Editor’s Note: I’d like to introduce the first guest reviewer to the site, my best friend from fifth grade, Jenny. Jenny is an educator and a mom of two girls. Without further adieu, I give you Jenny’s Counter-Princess-Propaganda Product Program.
I am hard-pressed to find a three or four-year-old girl who hasn’t succumbed to Disney Princess madness and whose parents can’t be overheard mumbling “That’s it! I am calling a moratorium on princess paraphernalia…” as his/her daughter opens the third birthday gift…“Oh, great! It’s Barbie Swan Princess.” These are the same parents who painted their daughter’s bedroom in gender-neutral hues and dressed her in overalls, to no avail: she will only wear dresses (like my daughter—even skirts are suspiciously un-princess-like).
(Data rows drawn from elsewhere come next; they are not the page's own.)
(* Let $\Omega$ be a finite set, $G\le\mathrm{Sym}(\Omega)$ and $1\le k\le |\Omega|$. The following are equivalent: (1) $G$ has the ordered $k$-ut property; (2) for every transformation $t\in T(\Omega)$ of rank $k$, $\langle G,t\rangle=EG$, where $E$ is the set of idempotents of $\langle G,t\rangle$.
   Context: $T(\Omega)$ is the full transformation monoid on $\Omega$, with maps acting on the right; the rank of $t$ is $|\Omega t|$. $\langle G,t\rangle$ is the subsemigroup generated by $G\cup\{t\}$ and $EG=\{eg:e\in E, g\in G\}$. $G$ has the ordered $k$-ut property if for every $k$-tuple $(a_1,\dots,a_k)$ of distinct points of $\Omega$ and every ordered partition $(P_1,\dots,P_k)$ of $\Omega$ into $k$ nonempty parts there is $g\in G$ with $a_ig\in P_i$ for all $i$. *)

From mathcomp Require Import all_boot all_fingroup.
Set Implicit Arguments. Unset Strict Implicit. Unset Printing Implicit Defensive.

Section TransfDefs.
Variable T : finType.

(* Full transformation monoid T(Omega): maps T -> T, acting on the right:
   x (f * g) = (x f) g, i.e. tcomp f g = "first f, then g". *)
Definition transf := {ffun T -> T}.

Definition tcomp (f g : transf) : transf := [ffun x => g (f x)].

Definition perm_tr (p : {perm T}) : transf := [ffun x => p x].

Definition trank (t : transf) : nat := #|[set t x | x in T]|.

Inductive gen_sg (G : {set {perm T}}) (t : transf) : transf -> Prop :=
  | gen_perm : forall g, g \in G -> gen_sg G t (perm_tr g)
  | gen_t : gen_sg G t t
  | gen_comp : forall f h, gen_sg G t f -> gen_sg G t h -> gen_sg G t (tcomp f h).

Definition idempotent_tr (e : transf) : Prop := tcomp e e = e.

Definition in_EG (G : {set {perm T}}) (t : transf) (f : transf) : Prop :=
  exists e g, [/\ gen_sg G t e, idempotent_tr e, g \in G & f = tcomp e (perm_tr g)].

Definition ordered_kut (G : {set {perm T}}) (k : nat) : Prop :=
  forall (a : k.-tuple T) (P : 'I_k -> {set T}),
    uniq a ->
    (forall i, P i != set0) ->
    (forall i j, i != j -> [disjoint P i & P j]) ->
    (forall x : T, exists i, x \in P i) ->
    exists2 g, g \in G & forall i : 'I_k, g (tnth a i) \in P i.

End TransfDefs.

From mathcomp Require Import all_boot all_fingroup.
Set Implicit Arguments. Unset Strict Implicit. Unset Printing Implicit Defensive.

(* An element of <G, t> is either a permutation or has rank at most rank t.
   If G is ordered k-ut and f has rank r <= k (ordered k-ut implies ordered
   r-ut), some g in G maps each point of the image of f into its own kernel
   class, i.e. f g f = f; then e = f g is an idempotent of <G, t> and
   f = e g^-1.  Conversely, given distinct points a_i and an ordered partition
   (P_i), apply the hypothesis to the rank-k map t sending P_i to a_i: from
   t = e h with e idempotent one gets t h^-1 t = t, i.e. h^-1 a_i lies in P_i. *)

Section Transformations.
Variable T : finType.
Implicit Types (G : {set {perm T}}) (e f t : transf T).

(* The ordered k-ut property, with the tuple replaced by an injection [a] and
   the ordered partition by its index map [p] (the part P_i is the fibre of i). *)
Definition ordered_kut_fun G k :=
  forall (a : 'I_k -> T) (p : T -> 'I_k),
    injective a -> (forall i, exists x, p x = i) ->
    exists2 g, g \in G & forall i, p (g (a i)) = i.

Lemma partition_index k (P : 'I_k -> {set T}) :
    (forall i j, i != j -> [disjoint P i & P j]) -> (forall x, exists i, x \in P i) ->
  exists p : T -> 'I_k, forall x i, (x \in P i) = (p x == i).
Proof.
move=> disjP coverP; have [p Pp] := fin_all_exists coverP.
exists p => x i; apply/idP/eqP => [xPi | <-]; last exact: Pp.
apply/eqP; apply: contraTT xPi => ne; rewrite (disjointFr (disjP _ _ ne)) //; exact: Pp.
Qed.

Lemma ordered_kut_funE G k : ordered_kut G k <-> ordered_kut_fun G k.
Proof.
split=> [utG a p inj_a surj_p | utG a P uniq_a nzP disjP coverP].
  have [|i|i j|x|g gG ag] := utG [tuple a i | i < k] (fun i => [set x | p x == i]).
  - by apply/tuple_uniqP => i j; rewrite !tnth_mktuple => /inj_a.
  - by apply/set0Pn; have [x px] := surj_p i; exists x; rewrite inE px.
  - move=> ne_ij; rewrite -setI_eq0; apply/eqP/setP => x; rewrite !inE.
    by apply: contraNF ne_ij => /andP[/eqP <- /eqP <-].
  - by exists (p x); rewrite inE.
  by exists g => // i; move: (ag i); rewrite inE tnth_mktuple => /eqP.
have [p Pp] := partition_index disjP coverP.
have [||g gG ag] := utG (tnth a) p; first exact/tuple_uniqP.
  by move=> i; have /set0Pn[x] := nzP i; rewrite Pp => /eqP px; exists x.
by exists g => // i; rewrite Pp ag.
Qed.

Lemma exists_notin (A : {set T}) : #|A| < #|T| -> exists x, x \notin A.
Proof.
move=> ltAT; have /subsetPn[x _ xA] : ~~ ([set: T] \subset A).
  by rewrite subTset; apply: contraTneq ltAT => ->; rewrite cardsT ltnn.
by exists x.
Qed.

(* A new point b is appended to the tuple, and a point x0 that represents no
   part is split off as a new singleton part; the old parts minus x0 stay
   nonempty. *)
Lemma ordered_kut_fun_pred G j : j < #|T| ->
  ordered_kut_fun G j.+1 -> ordered_kut_fun G j.
Proof.
move=> ltjT utG a p inj_a surj_p.
have small (f : 'I_j -> T) : #|[set f i | i in 'I_j]| < #|T|.
  by apply: leq_ltn_trans ltjT; rewrite -[j in _ <= j]card_ord leq_imset_card.
have [b b_new] := exists_notin (small a).
have [r pr] := fin_all_exists surj_p.
have [x0 x0_new] := exists_notin (small r).
pose a' i := if unlift ord_max i is Some i' then a i' else b.
pose p' x := if x == x0 then ord_max else lift ord_max (p x).
have [||g gG ag] := utG a' p'.
- rewrite /a' => i1 i2; case: unliftP => [i1' ->|->]; case: unliftP => [i2' ->|->] //.
  + by move/inj_a ->.
  + by move=> ai1; case/imsetP: b_new; exists i1'.
  + by move=> ai2; case/imsetP: b_new; exists i2'.
- move=> i; case: (unliftP ord_max i) => [i' ->|->]; last by exists x0; rewrite /p' eqxx.
  exists (r i'); rewrite /p' pr ifN //.
  by apply: contraNneq x0_new => <-; rewrite imset_f.
exists g => // i; have := ag (lift ord_max i); rewrite /a' /p' liftK.
by case: eqP => [_ /eqP|_ /lift_inj //]; rewrite (negbTE (neq_lift _ _)).
Qed.

Lemma ordered_kut_fun_le G j k : j <= k -> k <= #|T| ->
  ordered_kut_fun G k -> ordered_kut_fun G j.
Proof.
elim: k => [|k IHk]; first by rewrite leqn0 => /eqP ->.
rewrite leq_eqVlt => /predU1P[-> // | ltjk] ltkT utG.
exact: IHk ltjk (ltnW ltkT) (ordered_kut_fun_pred ltkT utG).
Qed.

Lemma perm_trM (g h : {perm T}) : tcomp (perm_tr g) (perm_tr h) = perm_tr (g * h).
Proof. by apply/ffunP => x; rewrite !ffunE permM. Qed.

Lemma trank_tcompl f h : trank (tcomp f h) <= trank f.
Proof.
rewrite /trank; have -> : [set tcomp f h x | x in T] = h @: [set f x | x in T].
  by rewrite -imset_comp; apply: eq_imset => x; rewrite ffunE.
exact: leq_imset_card.
Qed.

Lemma trank_tcompr f h : trank (tcomp f h) <= trank h.
Proof.
apply: subset_leq_card; apply/subsetP => _ /imsetP[x _ ->].
by rewrite ffunE imset_f.
Qed.

Lemma trank_inj_surj k (a : 'I_k -> T) (p : T -> 'I_k) :
  injective a -> (forall i, exists x, p x = i) -> trank [ffun x => a (p x)] = k.
Proof.
move=> inj_a surj_p; rewrite /trank -[RHS]card_ord -(card_imset _ inj_a).
apply: eq_card => y; apply/imsetP/imsetP => [[x _ ->] | [i _ ->]].
  by exists (p x); rewrite ?ffunE.
by have [x <-] := surj_p i; exists x; rewrite ?ffunE.
Qed.

Lemma gen_sg_perm_or_rank (G : {group {perm T}}) t f : gen_sg G t f ->
  (exists2 g, g \in G & f = perm_tr g) \/ trank f <= trank t.
Proof.
elim=> [g gG | | f1 f2 _ [[g1 g1G ->] | rank_f1] _ [[g2 g2G ->] | rank_f2]].
- by left; exists g.
- by right.
- by left; exists (g1 * g2)%g; rewrite ?groupM ?perm_trM.
- by right; apply: leq_trans (trank_tcompr _ _) rank_f2.
- by right; apply: leq_trans (trank_tcompl _ _) rank_f1.
- by right; apply: leq_trans (trank_tcompl _ _) rank_f1.
Qed.

Lemma in_EG_gen_sg G t f : in_EG G t f -> gen_sg G t f.
Proof. by case=> e [g [? _ gG ->]]; apply: gen_comp => //; apply: gen_perm. Qed.

Lemma in_EG_perm (G : {group {perm T}}) t g : g \in G -> in_EG G t (perm_tr g).
Proof.
move=> gG; exists (perm_tr 1), g; split=> //; first exact/gen_perm/group1.
  by rewrite /idempotent_tr perm_trM mulg1.
by rewrite perm_trM mul1g.
Qed.

Lemma in_EG_of_retract (G : {group {perm T}}) t f g :
  gen_sg G t f -> g \in G -> (forall x, f (g (f x)) = f x) -> in_EG G t f.
Proof.
move=> f_gen gG fgf; exists (tcomp f (perm_tr g)), g^-1%g; split.
- by apply: gen_comp => //; apply: gen_perm.
- by apply/ffunP => x; rewrite !ffunE fgf.
- by rewrite groupV.
- by apply/ffunP => x; rewrite !ffunE permK.
Qed.

Lemma ordered_kut_fun_retract G f :
  ordered_kut_fun G (trank f) -> exists2 g, g \in G & forall x, f (g (f x)) = f x.
Proof.
set A := [set f x | x in T] => utG.
have Af x : f x \in A by rewrite imset_f.
pose p x := enum_rank_in (Af x) (f x).
have pK x : enum_val (p x) = f x by rewrite enum_rankK_in.
have [||g gG ag] := utG enum_val p; first exact: enum_val_inj.
  by move=> i; have /imsetP[x _ ex] := enum_valP i; exists x; apply: enum_val_inj; rewrite pK.
by exists g => // x; rewrite -[in RHS]pK -(ag (p x)) !pK.
Qed.

Lemma idempotent_perm_factor e t (h : {perm T}) :
  idempotent_tr e -> t = tcomp e (perm_tr h) -> forall x, t (h^-1%g (t x)) = t x.
Proof.
move=> idem_e -> x; rewrite !ffunE permK.
by have := congr1 (fun f => f x) idem_e; rewrite ffunE => ->.
Qed.

End Transformations.

Theorem lemma3p1 (T : finType) (G : {group {perm T}}) (k : nat) :
  0 < k <= #|T| ->
  (ordered_kut G k <->
   forall t : transf T, trank t = k ->
     forall f : transf T, gen_sg G t f <-> in_EG G t f).
Proof.
case/andP=> _ leq_kT; split.
  move=> /ordered_kut_funE utG t rank_t f; split; last exact: in_EG_gen_sg.
  move=> f_gen; case: (gen_sg_perm_or_rank f_gen) => [[g gG ->] | rank_f].
    exact: in_EG_perm.
  have [|g gG fgf] := @ordered_kut_fun_retract _ G f.
    by apply: ordered_kut_fun_le utG; rewrite // -rank_t.
  exact: in_EG_of_retract fgf.
move=> EG; apply/ordered_kut_funE => a p inj_a surj_p; pose t : transf T := [ffun x => a (p x)].
have [e [h [_ idem_e hG t_eh]]] := (EG t (trank_inj_surj inj_a surj_p) t).1 (gen_t G t).
exists h^-1%g => [|i]; first by rewrite groupV.
have [x <-] := surj_p i; apply: inj_a.
by have := idempotent_perm_factor idem_e t_eh x; rewrite !ffunE.
Qed.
The Disney Princess Phenomenon is more insidious than carbon monoxide, more silent, more deadly (well, silent in the early stages, anyway…beware the shrill tones, for example, of Disney Princess CD Player).
Nevertheless, folks, my message is two-fold:
1) give in, to a certain extent, and allow your little girl to express herself, as some of this is natural, and
2) be just as insidious as Disney (and Mattell) and fight ingeniously against the hegemony of the princesses-rule-my-daughter’s-very-existence-syndrome. Try, at least.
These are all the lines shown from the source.